Dataset entries
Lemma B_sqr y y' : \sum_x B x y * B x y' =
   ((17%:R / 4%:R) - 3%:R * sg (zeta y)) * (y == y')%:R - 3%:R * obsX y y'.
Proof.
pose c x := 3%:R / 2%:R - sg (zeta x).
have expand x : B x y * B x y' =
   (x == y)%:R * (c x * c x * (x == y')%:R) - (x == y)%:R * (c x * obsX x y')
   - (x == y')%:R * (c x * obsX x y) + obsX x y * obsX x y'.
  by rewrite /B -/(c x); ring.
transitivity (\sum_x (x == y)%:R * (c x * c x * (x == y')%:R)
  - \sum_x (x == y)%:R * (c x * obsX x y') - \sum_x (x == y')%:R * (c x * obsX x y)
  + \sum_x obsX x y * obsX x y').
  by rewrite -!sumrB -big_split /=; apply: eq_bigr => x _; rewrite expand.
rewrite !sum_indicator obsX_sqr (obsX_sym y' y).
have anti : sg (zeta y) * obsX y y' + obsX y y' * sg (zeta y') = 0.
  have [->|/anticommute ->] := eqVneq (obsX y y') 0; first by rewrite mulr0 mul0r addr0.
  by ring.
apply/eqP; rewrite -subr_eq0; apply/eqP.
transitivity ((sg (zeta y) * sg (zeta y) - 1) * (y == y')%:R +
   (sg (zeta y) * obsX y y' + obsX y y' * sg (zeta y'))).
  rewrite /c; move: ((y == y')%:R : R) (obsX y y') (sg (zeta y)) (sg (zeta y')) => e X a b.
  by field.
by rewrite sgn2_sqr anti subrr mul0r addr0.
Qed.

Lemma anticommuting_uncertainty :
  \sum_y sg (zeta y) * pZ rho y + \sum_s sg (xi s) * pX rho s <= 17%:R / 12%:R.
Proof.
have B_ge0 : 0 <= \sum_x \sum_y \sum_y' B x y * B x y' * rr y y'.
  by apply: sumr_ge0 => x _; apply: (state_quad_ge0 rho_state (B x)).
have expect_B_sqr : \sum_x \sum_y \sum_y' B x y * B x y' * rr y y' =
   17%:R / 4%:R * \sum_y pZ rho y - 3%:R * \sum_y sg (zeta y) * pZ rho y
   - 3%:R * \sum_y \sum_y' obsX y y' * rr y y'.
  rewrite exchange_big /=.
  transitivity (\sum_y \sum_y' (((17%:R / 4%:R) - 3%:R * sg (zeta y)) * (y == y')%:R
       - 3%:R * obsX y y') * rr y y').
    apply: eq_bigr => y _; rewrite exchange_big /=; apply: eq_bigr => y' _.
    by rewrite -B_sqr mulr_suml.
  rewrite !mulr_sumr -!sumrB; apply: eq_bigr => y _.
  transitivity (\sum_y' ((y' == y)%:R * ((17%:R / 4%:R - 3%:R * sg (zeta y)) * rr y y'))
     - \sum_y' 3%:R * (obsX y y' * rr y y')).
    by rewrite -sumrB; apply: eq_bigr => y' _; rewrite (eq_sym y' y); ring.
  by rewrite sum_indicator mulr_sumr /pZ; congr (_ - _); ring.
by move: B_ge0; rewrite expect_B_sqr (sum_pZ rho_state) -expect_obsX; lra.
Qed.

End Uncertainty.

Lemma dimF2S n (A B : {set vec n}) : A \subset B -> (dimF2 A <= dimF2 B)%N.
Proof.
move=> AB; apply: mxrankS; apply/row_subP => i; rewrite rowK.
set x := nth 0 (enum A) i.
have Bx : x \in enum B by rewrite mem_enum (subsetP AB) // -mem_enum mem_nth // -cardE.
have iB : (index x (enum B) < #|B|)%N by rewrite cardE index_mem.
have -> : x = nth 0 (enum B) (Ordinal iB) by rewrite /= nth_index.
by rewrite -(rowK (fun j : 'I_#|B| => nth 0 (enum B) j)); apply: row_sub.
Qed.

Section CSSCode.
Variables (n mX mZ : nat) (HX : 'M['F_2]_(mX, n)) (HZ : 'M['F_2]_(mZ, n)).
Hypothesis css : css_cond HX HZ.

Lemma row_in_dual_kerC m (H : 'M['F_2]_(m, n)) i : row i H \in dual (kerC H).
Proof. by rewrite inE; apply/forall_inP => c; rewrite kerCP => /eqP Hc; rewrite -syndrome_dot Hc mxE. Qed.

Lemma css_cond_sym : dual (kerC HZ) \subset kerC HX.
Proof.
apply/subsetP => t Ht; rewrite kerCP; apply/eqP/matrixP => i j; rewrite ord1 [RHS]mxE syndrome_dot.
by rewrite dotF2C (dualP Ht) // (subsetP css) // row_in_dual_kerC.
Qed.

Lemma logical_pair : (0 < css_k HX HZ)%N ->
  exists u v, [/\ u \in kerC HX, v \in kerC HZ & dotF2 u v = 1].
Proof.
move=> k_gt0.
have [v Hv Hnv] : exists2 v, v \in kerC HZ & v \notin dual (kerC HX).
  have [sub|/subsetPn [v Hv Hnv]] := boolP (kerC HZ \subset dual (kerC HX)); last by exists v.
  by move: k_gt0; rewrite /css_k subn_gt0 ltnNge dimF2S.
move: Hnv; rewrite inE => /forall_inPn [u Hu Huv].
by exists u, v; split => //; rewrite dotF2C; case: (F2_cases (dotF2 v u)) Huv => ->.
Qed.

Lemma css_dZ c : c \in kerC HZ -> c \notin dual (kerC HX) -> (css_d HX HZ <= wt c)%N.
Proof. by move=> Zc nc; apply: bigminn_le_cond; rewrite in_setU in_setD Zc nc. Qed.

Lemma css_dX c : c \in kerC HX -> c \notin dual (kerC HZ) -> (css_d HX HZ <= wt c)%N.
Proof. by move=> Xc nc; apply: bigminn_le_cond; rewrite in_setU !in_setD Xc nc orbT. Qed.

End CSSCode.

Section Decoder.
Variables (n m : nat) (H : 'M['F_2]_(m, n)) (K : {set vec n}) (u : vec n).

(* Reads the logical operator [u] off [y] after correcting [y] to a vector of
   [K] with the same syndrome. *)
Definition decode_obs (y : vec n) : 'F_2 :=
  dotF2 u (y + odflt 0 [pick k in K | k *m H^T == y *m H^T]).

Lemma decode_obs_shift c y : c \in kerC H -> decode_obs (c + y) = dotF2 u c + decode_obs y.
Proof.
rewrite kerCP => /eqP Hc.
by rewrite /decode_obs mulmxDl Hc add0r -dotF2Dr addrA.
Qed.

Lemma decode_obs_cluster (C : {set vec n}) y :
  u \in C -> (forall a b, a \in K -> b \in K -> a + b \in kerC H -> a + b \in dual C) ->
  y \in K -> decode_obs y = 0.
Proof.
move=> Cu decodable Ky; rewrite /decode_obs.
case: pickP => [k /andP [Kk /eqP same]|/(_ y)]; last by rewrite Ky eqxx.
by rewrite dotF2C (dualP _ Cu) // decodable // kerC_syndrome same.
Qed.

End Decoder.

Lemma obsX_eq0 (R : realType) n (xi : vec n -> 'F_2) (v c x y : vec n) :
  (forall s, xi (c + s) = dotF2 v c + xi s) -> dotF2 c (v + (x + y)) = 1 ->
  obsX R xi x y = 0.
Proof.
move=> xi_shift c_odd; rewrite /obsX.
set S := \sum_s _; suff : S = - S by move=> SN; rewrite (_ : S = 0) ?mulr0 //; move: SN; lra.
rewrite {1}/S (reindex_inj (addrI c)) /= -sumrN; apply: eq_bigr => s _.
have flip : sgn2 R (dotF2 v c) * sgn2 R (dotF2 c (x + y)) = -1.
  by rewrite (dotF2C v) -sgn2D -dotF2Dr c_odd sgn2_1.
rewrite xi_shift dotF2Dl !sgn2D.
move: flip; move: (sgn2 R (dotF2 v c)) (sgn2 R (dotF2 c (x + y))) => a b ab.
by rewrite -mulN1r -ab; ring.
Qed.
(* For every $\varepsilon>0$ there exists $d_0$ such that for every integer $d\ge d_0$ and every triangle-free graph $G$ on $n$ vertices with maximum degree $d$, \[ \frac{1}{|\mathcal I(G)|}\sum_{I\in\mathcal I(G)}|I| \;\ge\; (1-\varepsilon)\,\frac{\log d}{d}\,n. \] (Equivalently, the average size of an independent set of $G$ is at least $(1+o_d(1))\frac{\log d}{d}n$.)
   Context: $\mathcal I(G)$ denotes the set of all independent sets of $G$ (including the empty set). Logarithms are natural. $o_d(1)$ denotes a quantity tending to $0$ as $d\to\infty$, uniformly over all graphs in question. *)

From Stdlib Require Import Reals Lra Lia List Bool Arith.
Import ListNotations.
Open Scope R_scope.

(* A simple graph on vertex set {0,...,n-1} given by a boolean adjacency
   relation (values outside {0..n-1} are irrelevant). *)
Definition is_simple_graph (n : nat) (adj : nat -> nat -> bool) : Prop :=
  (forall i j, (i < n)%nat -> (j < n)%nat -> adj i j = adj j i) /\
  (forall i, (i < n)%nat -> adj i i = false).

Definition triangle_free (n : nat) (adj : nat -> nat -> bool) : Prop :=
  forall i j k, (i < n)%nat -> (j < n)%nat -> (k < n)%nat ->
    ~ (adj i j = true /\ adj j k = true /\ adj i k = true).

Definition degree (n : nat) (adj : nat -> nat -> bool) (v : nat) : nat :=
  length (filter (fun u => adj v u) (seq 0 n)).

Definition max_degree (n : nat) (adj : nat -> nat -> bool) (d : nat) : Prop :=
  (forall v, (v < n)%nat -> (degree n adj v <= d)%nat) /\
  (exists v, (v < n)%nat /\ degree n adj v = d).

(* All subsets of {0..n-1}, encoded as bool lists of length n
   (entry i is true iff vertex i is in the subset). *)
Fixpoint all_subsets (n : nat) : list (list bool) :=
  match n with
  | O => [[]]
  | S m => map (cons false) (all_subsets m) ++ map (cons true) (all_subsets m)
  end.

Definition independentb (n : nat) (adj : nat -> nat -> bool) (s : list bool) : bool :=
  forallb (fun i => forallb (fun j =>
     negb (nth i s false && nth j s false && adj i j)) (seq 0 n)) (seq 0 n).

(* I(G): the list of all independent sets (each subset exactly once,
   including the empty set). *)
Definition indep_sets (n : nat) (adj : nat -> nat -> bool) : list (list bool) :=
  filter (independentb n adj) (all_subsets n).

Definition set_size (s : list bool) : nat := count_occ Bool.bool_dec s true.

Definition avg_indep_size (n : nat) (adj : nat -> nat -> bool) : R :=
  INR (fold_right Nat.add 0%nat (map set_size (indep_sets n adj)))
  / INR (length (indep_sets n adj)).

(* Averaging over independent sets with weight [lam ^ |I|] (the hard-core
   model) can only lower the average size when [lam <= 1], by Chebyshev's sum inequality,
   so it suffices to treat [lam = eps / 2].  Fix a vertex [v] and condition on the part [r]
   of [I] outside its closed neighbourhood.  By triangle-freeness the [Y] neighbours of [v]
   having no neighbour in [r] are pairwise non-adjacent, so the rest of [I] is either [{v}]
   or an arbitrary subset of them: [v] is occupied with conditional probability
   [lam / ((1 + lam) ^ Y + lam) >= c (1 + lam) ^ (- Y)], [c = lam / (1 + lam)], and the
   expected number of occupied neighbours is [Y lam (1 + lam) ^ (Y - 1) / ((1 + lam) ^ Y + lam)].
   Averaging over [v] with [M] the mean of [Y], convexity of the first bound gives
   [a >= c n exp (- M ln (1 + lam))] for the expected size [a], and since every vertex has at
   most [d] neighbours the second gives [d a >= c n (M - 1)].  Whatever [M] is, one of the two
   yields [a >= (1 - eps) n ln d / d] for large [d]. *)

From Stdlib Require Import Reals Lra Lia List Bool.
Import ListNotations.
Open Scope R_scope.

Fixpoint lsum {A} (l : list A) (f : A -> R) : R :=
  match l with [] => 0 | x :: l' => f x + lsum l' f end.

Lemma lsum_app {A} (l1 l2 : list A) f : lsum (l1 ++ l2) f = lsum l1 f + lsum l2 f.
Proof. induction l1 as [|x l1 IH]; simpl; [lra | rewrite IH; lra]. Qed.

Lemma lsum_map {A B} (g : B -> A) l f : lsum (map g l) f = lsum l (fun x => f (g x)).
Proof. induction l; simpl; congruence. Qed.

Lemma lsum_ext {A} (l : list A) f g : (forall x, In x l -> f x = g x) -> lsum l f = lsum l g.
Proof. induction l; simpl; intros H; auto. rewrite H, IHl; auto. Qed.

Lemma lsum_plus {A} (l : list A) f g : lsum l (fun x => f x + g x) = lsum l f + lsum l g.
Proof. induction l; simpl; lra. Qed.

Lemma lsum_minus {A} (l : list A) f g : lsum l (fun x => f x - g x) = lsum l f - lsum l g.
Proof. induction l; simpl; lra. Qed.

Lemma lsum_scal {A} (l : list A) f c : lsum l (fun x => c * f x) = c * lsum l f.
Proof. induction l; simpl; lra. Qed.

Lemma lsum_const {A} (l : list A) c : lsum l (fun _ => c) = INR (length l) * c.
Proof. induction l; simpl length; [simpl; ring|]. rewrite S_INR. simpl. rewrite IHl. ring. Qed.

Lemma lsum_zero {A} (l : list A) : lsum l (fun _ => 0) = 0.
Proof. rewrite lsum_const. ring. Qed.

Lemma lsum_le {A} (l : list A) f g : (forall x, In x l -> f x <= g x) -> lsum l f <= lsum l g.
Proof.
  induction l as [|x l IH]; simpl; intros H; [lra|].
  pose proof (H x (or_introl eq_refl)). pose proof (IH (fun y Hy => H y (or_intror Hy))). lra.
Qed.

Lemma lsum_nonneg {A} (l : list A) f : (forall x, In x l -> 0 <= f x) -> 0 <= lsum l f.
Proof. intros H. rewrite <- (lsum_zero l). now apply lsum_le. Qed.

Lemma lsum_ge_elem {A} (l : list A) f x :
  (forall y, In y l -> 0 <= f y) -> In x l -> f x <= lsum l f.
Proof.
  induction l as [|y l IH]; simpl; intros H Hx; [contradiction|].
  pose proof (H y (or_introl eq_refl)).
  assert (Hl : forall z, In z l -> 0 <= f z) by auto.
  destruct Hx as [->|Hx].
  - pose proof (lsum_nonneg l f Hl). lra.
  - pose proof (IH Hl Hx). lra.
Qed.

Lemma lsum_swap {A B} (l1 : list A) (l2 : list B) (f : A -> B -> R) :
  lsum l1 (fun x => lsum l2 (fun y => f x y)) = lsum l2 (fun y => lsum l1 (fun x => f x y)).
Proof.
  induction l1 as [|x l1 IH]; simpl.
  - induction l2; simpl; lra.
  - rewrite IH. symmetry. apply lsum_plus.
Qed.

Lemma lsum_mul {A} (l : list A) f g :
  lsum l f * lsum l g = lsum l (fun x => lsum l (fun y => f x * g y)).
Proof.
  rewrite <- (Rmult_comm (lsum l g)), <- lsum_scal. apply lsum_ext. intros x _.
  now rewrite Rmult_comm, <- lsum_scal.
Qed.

(ABOUT THIS EXERCISE) Copy, from the lines above, each one that holds "case".

(WRITTEN RESPONSE)
by exists u, v; split => //; rewrite dotF2C; case: (F2_cases (dotF2 v u)) Huv => ->.
case: pickP => [k /andP [Kk /eqP same]|/(_ y)]; last by rewrite Ky eqxx.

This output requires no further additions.